§ DIRECTIONS
Please set down exactly the lines of the listing below from the line containing "Lemma sat_subst A" through the line containing "elim: n => [|n", both lines included, leaving out all other lines.
RECORDS PROVIDED START
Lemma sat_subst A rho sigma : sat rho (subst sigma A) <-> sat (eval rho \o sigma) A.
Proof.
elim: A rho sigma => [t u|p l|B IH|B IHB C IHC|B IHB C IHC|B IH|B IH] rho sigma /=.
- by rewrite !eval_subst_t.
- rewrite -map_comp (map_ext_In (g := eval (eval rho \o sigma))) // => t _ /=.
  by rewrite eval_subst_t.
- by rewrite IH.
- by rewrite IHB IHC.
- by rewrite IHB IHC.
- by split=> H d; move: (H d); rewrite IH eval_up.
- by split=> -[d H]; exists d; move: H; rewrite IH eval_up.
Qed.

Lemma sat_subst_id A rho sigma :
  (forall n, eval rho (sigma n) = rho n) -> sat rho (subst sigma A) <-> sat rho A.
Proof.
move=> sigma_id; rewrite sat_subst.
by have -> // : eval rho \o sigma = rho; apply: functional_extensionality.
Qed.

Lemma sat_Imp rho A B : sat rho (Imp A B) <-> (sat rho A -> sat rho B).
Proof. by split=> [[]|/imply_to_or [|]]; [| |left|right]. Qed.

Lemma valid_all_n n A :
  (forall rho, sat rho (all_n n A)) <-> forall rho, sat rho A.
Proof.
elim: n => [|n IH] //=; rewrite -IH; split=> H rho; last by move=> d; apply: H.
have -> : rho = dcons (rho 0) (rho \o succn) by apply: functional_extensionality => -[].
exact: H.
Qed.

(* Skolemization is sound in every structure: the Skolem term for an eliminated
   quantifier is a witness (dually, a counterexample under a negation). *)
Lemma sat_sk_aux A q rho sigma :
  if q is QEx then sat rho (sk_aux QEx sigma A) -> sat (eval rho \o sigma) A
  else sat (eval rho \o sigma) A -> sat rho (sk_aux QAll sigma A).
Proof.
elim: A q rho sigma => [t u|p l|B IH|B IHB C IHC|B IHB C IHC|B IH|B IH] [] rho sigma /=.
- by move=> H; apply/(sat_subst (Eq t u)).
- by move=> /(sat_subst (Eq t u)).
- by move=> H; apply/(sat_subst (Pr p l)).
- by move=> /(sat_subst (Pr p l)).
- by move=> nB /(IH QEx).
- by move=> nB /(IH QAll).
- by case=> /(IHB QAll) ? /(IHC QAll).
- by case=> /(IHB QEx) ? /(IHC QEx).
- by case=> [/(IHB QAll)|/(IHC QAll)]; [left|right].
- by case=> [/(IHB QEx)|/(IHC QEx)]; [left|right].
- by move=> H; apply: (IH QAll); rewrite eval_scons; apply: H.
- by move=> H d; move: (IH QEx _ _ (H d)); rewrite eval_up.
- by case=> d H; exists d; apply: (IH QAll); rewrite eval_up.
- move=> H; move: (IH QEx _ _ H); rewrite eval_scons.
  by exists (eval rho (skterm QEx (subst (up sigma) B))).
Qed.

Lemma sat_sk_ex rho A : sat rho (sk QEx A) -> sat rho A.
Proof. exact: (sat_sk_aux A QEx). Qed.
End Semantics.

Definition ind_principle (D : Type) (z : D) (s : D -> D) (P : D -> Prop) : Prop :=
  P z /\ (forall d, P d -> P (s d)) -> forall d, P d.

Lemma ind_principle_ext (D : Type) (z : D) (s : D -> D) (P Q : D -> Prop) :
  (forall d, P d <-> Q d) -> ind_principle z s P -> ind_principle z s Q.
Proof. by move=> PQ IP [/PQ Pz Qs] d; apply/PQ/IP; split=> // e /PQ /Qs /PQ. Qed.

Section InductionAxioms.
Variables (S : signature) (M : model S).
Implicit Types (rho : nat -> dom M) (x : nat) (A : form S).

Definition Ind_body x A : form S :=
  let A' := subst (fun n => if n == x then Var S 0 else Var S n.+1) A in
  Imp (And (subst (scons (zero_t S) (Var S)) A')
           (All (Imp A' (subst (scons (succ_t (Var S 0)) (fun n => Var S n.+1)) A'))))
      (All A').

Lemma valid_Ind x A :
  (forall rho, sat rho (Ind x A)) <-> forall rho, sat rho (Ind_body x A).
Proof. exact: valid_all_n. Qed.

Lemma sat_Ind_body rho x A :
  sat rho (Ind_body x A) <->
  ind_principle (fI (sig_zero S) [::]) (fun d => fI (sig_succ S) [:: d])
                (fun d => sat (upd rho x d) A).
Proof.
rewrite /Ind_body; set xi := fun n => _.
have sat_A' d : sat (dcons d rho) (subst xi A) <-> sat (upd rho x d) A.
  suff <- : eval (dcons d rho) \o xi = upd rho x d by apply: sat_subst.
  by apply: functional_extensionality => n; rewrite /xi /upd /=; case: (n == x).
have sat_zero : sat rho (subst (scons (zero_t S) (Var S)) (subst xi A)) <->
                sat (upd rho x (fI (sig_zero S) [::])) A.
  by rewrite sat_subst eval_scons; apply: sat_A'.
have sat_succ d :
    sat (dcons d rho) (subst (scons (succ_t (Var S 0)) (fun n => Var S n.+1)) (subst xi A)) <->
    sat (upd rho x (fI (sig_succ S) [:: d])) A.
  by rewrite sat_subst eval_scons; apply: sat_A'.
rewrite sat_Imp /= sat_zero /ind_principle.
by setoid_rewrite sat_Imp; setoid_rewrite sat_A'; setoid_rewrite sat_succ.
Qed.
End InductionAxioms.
RECORDS PROVIDED END
RECORDS PROVIDED START
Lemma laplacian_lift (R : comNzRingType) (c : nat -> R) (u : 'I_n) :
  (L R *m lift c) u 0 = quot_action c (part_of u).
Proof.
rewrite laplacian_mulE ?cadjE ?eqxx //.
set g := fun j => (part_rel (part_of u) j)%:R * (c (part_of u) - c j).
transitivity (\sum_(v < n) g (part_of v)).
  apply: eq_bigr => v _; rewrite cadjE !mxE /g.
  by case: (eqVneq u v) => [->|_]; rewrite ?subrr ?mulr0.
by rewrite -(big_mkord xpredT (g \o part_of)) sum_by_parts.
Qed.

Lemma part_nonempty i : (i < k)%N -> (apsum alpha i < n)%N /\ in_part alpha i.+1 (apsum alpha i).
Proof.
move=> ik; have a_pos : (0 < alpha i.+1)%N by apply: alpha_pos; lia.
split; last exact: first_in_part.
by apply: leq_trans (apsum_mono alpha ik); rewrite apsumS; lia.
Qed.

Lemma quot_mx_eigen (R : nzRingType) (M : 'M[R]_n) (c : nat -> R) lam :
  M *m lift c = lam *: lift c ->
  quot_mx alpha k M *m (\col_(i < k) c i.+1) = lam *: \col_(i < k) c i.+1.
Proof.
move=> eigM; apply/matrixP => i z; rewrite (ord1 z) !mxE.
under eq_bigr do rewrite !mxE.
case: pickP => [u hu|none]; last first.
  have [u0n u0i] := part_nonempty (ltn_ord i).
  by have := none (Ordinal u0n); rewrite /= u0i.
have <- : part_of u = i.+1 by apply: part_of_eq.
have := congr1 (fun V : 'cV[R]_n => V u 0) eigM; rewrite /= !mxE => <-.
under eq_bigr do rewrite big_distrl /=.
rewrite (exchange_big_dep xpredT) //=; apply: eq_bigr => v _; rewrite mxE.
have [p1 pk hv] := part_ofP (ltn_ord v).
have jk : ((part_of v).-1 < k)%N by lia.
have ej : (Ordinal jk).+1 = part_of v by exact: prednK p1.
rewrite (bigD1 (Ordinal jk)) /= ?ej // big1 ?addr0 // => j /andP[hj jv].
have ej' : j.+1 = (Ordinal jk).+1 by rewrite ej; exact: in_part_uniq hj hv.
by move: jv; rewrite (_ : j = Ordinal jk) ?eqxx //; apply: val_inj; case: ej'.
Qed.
RECORDS PROVIDED END
§ SOLUTION
Lemma sat_subst A rho sigma : sat rho (subst sigma A) <-> sat (eval rho \o sigma) A.
Proof.
elim: A rho sigma => [t u|p l|B IH|B IHB C IHC|B IHB C IHC|B IH|B IH] rho sigma /=.
- by rewrite !eval_subst_t.
- rewrite -map_comp (map_ext_In (g := eval (eval rho \o sigma))) // => t _ /=.
  by rewrite eval_subst_t.
- by rewrite IH.
- by rewrite IHB IHC.
- by rewrite IHB IHC.
- by split=> H d; move: (H d); rewrite IH eval_up.
- by split=> -[d H]; exists d; move: H; rewrite IH eval_up.
Qed.

Lemma sat_subst_id A rho sigma :
  (forall n, eval rho (sigma n) = rho n) -> sat rho (subst sigma A) <-> sat rho A.
Proof.
move=> sigma_id; rewrite sat_subst.
by have -> // : eval rho \o sigma = rho; apply: functional_extensionality.
Qed.

Lemma sat_Imp rho A B : sat rho (Imp A B) <-> (sat rho A -> sat rho B).
Proof. by split=> [[]|/imply_to_or [|]]; [| |left|right]. Qed.

Lemma valid_all_n n A :
  (forall rho, sat rho (all_n n A)) <-> forall rho, sat rho A.
Proof.
elim: n => [|n IH] //=; rewrite -IH; split=> H rho; last by move=> d; apply: H.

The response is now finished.